= Aim of the exercise =
Each line in the data holding "identity" should be listed.

= Available data =
(* Let $S=(X,\cdot)$ be a semigroup and $\Phi$ a tight twisting of $S$, and let $T_\Phi^0$ be the associated $0$-twisted semigroup. Then for all $a,b\in X$ and all $\xi\in\{\mathcal{R},\mathcal{L},\mathcal{D},\mathcal{J},\mathcal{H},\leq_{\mathcal{R}},\leq_{\mathcal{L}},\leq_{\mathcal{J}}\}$ we have $a\mathrel{\xi^{T_\Phi^0}}b \iff a\mathrel{\xi^{S}}b$.
   Context: Green's relations and the preorders $\leq_{\mathcal{R}},\leq_{\mathcal{L}},\leq_{\mathcal{J}}$ are the standard ones (defined using the semigroup with an identity adjoined); a superscript indicates the semigroup in which they are computed. $\mathbb{N}=\{0,1,2,\dots\}$. A twisting of a semigroup $S$ is a map $\Phi:S\times S\to\mathbb{N}$ with $\Phi(a,b)+\Phi(ab,c)=\Phi(a,bc)+\Phi(b,c)$ for all $a,b,c\in S$. It is tight if (1) for all $a,b\in S$ there is $a'\in S$ with $ab=a'b$ and $\Phi(a',b)=0$, and (2) for all $a,b\in S$ there is $b'\in S$ with $ab=ab'$ and $\Phi(a,b')=0$. For $S=(X,\cdot)$ with twisting $\Phi$, the $0$-twisted semigroup is $T_\Phi^0=(X\sqcup\{0\},* )$ where $a*b=ab$ if $a,b\neq0$ and $\Phi(a,b)=0$, and $a*b=0$ otherwise. *)

From Stdlib Require Import Arith.

(* Green's preorders and relations of a magma (M, op), computed in M^1
   (identity adjoined): s ∈ M^1 is modelled by "s absent" or "s ∈ M". *)
Section Green.
Variables (M : Type) (op : M -> M -> M).

Definition leR (a b : M) : Prop := a = b \/ exists s, a = op b s.
Definition leL (a b : M) : Prop := a = b \/ exists s, a = op s b.
Definition leJ (a b : M) : Prop :=
  a = b \/ (exists s, a = op s b) \/ (exists t, a = op b t)
        \/ (exists s t, a = op (op s b) t).
Definition greenR (a b : M) : Prop := leR a b /\ leR b a.
Definition greenL (a b : M) : Prop := leL a b /\ leL b a.
Definition greenJ (a b : M) : Prop := leJ a b /\ leJ b a.
Definition greenH (a b : M) : Prop := greenR a b /\ greenL a b.
Definition greenD (a b : M) : Prop := exists c, greenR a c /\ greenL c b.
End Green.

Inductive green_kind := gR | gL | gD | gJ | gH | gleR | gleL | gleJ.

Definition green_rel (k : green_kind) (M : Type) (op : M -> M -> M)
  : M -> M -> Prop :=
  match k with
  | gR => @greenR M op | gL => @greenL M op | gD => @greenD M op
  | gJ => @greenJ M op | gH => @greenH M op
  | gleR => @leR M op | gleL => @leL M op | gleJ => @leJ M op
  end.

Definition associative_op {X : Type} (mul : X -> X -> X) : Prop :=
  forall a b c, mul (mul a b) c = mul a (mul b c).

Definition is_twisting {X : Type} (mul : X -> X -> X) (Phi : X -> X -> nat)
  : Prop :=
  forall a b c, Phi a b + Phi (mul a b) c = Phi a (mul b c) + Phi b c.

Definition is_tight {X : Type} (mul : X -> X -> X) (Phi : X -> X -> nat)
  : Prop :=
  (forall a b, exists a', mul a b = mul a' b /\ Phi a' b = 0) /\
  (forall a b, exists b', mul a b = mul a b' /\ Phi a b' = 0).

(* The 0-twisted semigroup T^0_Phi on X ⊔ {0}; None plays the role of 0. *)
Definition twisted0_mul {X : Type} (mul : X -> X -> X) (Phi : X -> X -> nat)
  (x y : option X) : option X :=
  match x, y with
  | Some a, Some b => if Nat.eqb (Phi a b) 0 then Some (mul a b) else None
  | _, _ => None
  end.

(* Every nonzero product in T^0_Phi is a product in S, and conversely, by
   tightness, every product ab in S can be realised in T^0_Phi by changing one
   factor (a to a', or b to b') without changing the product.  Hence the
   one-sided divisibility preorders <=_R, <=_L, <=_J agree on X in S and in
   T^0_Phi; the equivalences R, L, J, H follow, and so does D, since 0 is not
   R-related to any nonzero element.  Associativity and the twisting identity
   only make T^0_Phi a semigroup; the comparison itself uses tightness alone. *)
From Stdlib Require Import Arith.

Section TwistedSemigroup.
Variables (X : Type) (mul : X -> X -> X) (Phi : X -> X -> nat).
Local Notation tmul := (twisted0_mul mul Phi).

Lemma twisted0_mul_Some_inv x y z :
  tmul x y = Some z -> exists a b, x = Some a /\ y = Some b /\ z = mul a b.
Proof.
  destruct x as [a|], y as [b|]; simpl; try discriminate.
  destruct (Nat.eqb (Phi a b) 0); intro E; [injection E | discriminate].
  intros <-; eauto.
Qed.

Lemma twisted0_mul_Some a b : Phi a b = 0 -> tmul (Some a) (Some b) = Some (mul a b).
Proof. intro H; simpl; rewrite H; reflexivity. Qed.

Lemma leR_twisted0_None a : ~ leR (option X) tmul (Some a) None.
Proof. intros [E | [s E]]; [discriminate | destruct s; discriminate]. Qed.

Hypothesis Htight : is_tight mul Phi.

Lemma twisted0_mul_realize_l a b : exists a', tmul (Some a') (Some b) = Some (mul a b).
Proof.
  destruct (proj1 Htight a b) as (a' & -> & H0).
  exists a'; exact (twisted0_mul_Some _ _ H0).
Qed.

Lemma twisted0_mul_realize_r a b : exists b', tmul (Some a) (Some b') = Some (mul a b).
Proof.
  destruct (proj2 Htight a b) as (b' & -> & H0).
  exists b'; exact (twisted0_mul_Some _ _ H0).
Qed.

Lemma leR_twisted0 a b : leR (option X) tmul (Some a) (Some b) <-> leR X mul a b.
Proof.
  split.
  - intros [E | [s E]]; [left; congruence |].
    symmetry in E; destruct (twisted0_mul_Some_inv _ _ _ E) as (b' & s' & Eb & _ & ->).
    injection Eb as <-; right; eauto.
  - intros [-> | [s ->]]; [now left |].
    destruct (twisted0_mul_realize_r b s) as (s' & E).
    right; exists (Some s'); now rewrite E.
Qed.

Lemma leL_twisted0 a b : leL (option X) tmul (Some a) (Some b) <-> leL X mul a b.
Proof.
  split.
  - intros [E | [s E]]; [left; congruence |].
    symmetry in E; destruct (twisted0_mul_Some_inv _ _ _ E) as (s' & b' & _ & Eb & ->).
    injection Eb as <-; right; eauto.
  - intros [-> | [s ->]]; [now left |].
    destruct (twisted0_mul_realize_l s b) as (s' & E).
    right; exists (Some s'); now rewrite E.
Qed.

Lemma leJ_twisted0 a b : leJ (option X) tmul (Some a) (Some b) <-> leJ X mul a b.
Proof.
  split.
  - intros [E | [[s E] | [[t E] | (s & t & E)]]]; symmetry in E;
      try (left; congruence).
    + destruct (twisted0_mul_Some_inv _ _ _ E) as (s' & b' & _ & Eb & ->).
      injection Eb as <-; right; left; eauto.
    + destruct (twisted0_mul_Some_inv _ _ _ E) as (b' & t' & Eb & _ & ->).
      injection Eb as <-; right; right; left; eauto.
    + destruct (twisted0_mul_Some_inv _ _ _ E) as (sb & t' & Esb & _ & ->).
      destruct (twisted0_mul_Some_inv _ _ _ Esb) as (s' & b' & _ & Eb & ->).
      injection Eb as <-; right; right; right; eauto.
  - intros [-> | [[s ->] | [[t ->] | (s & t & ->)]]]; [now left | | |].
    + destruct (twisted0_mul_realize_l s b) as (s' & E).
      right; left; exists (Some s'); now rewrite E.
    + destruct (twisted0_mul_realize_r b t) as (t' & E).
      right; right; left; exists (Some t'); now rewrite E.
    + destruct (twisted0_mul_realize_l s b) as (s' & Esb).
      destruct (twisted0_mul_realize_r (mul s b) t) as (t' & Et).
      right; right; right; exists (Some s'), (Some t'); now rewrite Esb, Et.
Qed.

Lemma greenR_twisted0 a b : greenR (option X) tmul (Some a) (Some b) <-> greenR X mul a b.
Proof. unfold greenR; now rewrite !leR_twisted0. Qed.

Lemma greenL_twisted0 a b : greenL (option X) tmul (Some a) (Some b) <-> greenL X mul a b.
Proof. unfold greenL; now rewrite !leL_twisted0. Qed.

Lemma greenJ_twisted0 a b : greenJ (option X) tmul (Some a) (Some b) <-> greenJ X mul a b.
Proof. unfold greenJ; now rewrite !leJ_twisted0. Qed.

Lemma greenH_twisted0 a b : greenH (option X) tmul (Some a) (Some b) <-> greenH X mul a b.
Proof. unfold greenH; now rewrite greenR_twisted0, greenL_twisted0. Qed.

Lemma greenD_twisted0 a b : greenD (option X) tmul (Some a) (Some b) <-> greenD X mul a b.
Proof.
  split.
  - intros ([c |] & HR & HL).
    + exists c; now rewrite <- greenR_twisted0, <- greenL_twisted0.
    + exfalso; exact (leR_twisted0_None a (proj1 HR)).
  - intros (c & HR & HL); exists (Some c).
    now rewrite greenR_twisted0, greenL_twisted0.
Qed.

End TwistedSemigroup.

Theorem mainTheorem2 (X : Type) (mul : X -> X -> X) (Phi : X -> X -> nat)
  (Hassoc : associative_op mul) (Htw : is_twisting mul Phi)
  (Htight : is_tight mul Phi) :
  forall (a b : X) (xi : green_kind),
    @green_rel xi (option X) (twisted0_mul mul Phi) (Some a) (Some b) <->
    @green_rel xi X mul a b.
Proof.
  intros a b []; simpl.
  - exact (greenR_twisted0 X mul Phi Htight a b).
  - exact (greenL_twisted0 X mul Phi Htight a b).
  - exact (greenD_twisted0 X mul Phi Htight a b).
  - exact (greenJ_twisted0 X mul Phi Htight a b).
  - exact (greenH_twisted0 X mul Phi Htight a b).
  - exact (leR_twisted0 X mul Phi Htight a b).
  - exact (leL_twisted0 X mul Phi Htight a b).
  - exact (leJ_twisted0 X mul Phi Htight a b).
Qed.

= Task result =
   Context: Green's relations and the preorders $\leq_{\mathcal{R}},\leq_{\mathcal{L}},\leq_{\mathcal{J}}$ are the standard ones (defined using the semigroup with an identity adjoined); a superscript indicates the semigroup in which they are computed. $\mathbb{N}=\{0,1,2,\dots\}$. A twisting of a semigroup $S$ is a map $\Phi:S\times S\to\mathbb{N}$ with $\Phi(a,b)+\Phi(ab,c)=\Phi(a,bc)+\Phi(b,c)$ for all $a,b,c\in S$. It is tight if (1) for all $a,b\in S$ there is $a'\in S$ with $ab=a'b$ and $\Phi(a',b)=0$, and (2) for all $a,b\in S$ there is $b'\in S$ with $ab=ab'$ and $\Phi(a,b')=0$. For $S=(X,\cdot)$ with twisting $\Phi$, the $0$-twisted semigroup is $T_\Phi^0=(X\sqcup\{0\},* )$ where $a*b=ab$ if $a,b\neq0$ and $\Phi(a,b)=0$, and $a*b=0$ otherwise. *)
   (identity adjoined): s ∈ M^1 is modelled by "s absent" or "s ∈ M". *)
   R-related to any nonzero element.  Associativity and the twisting identity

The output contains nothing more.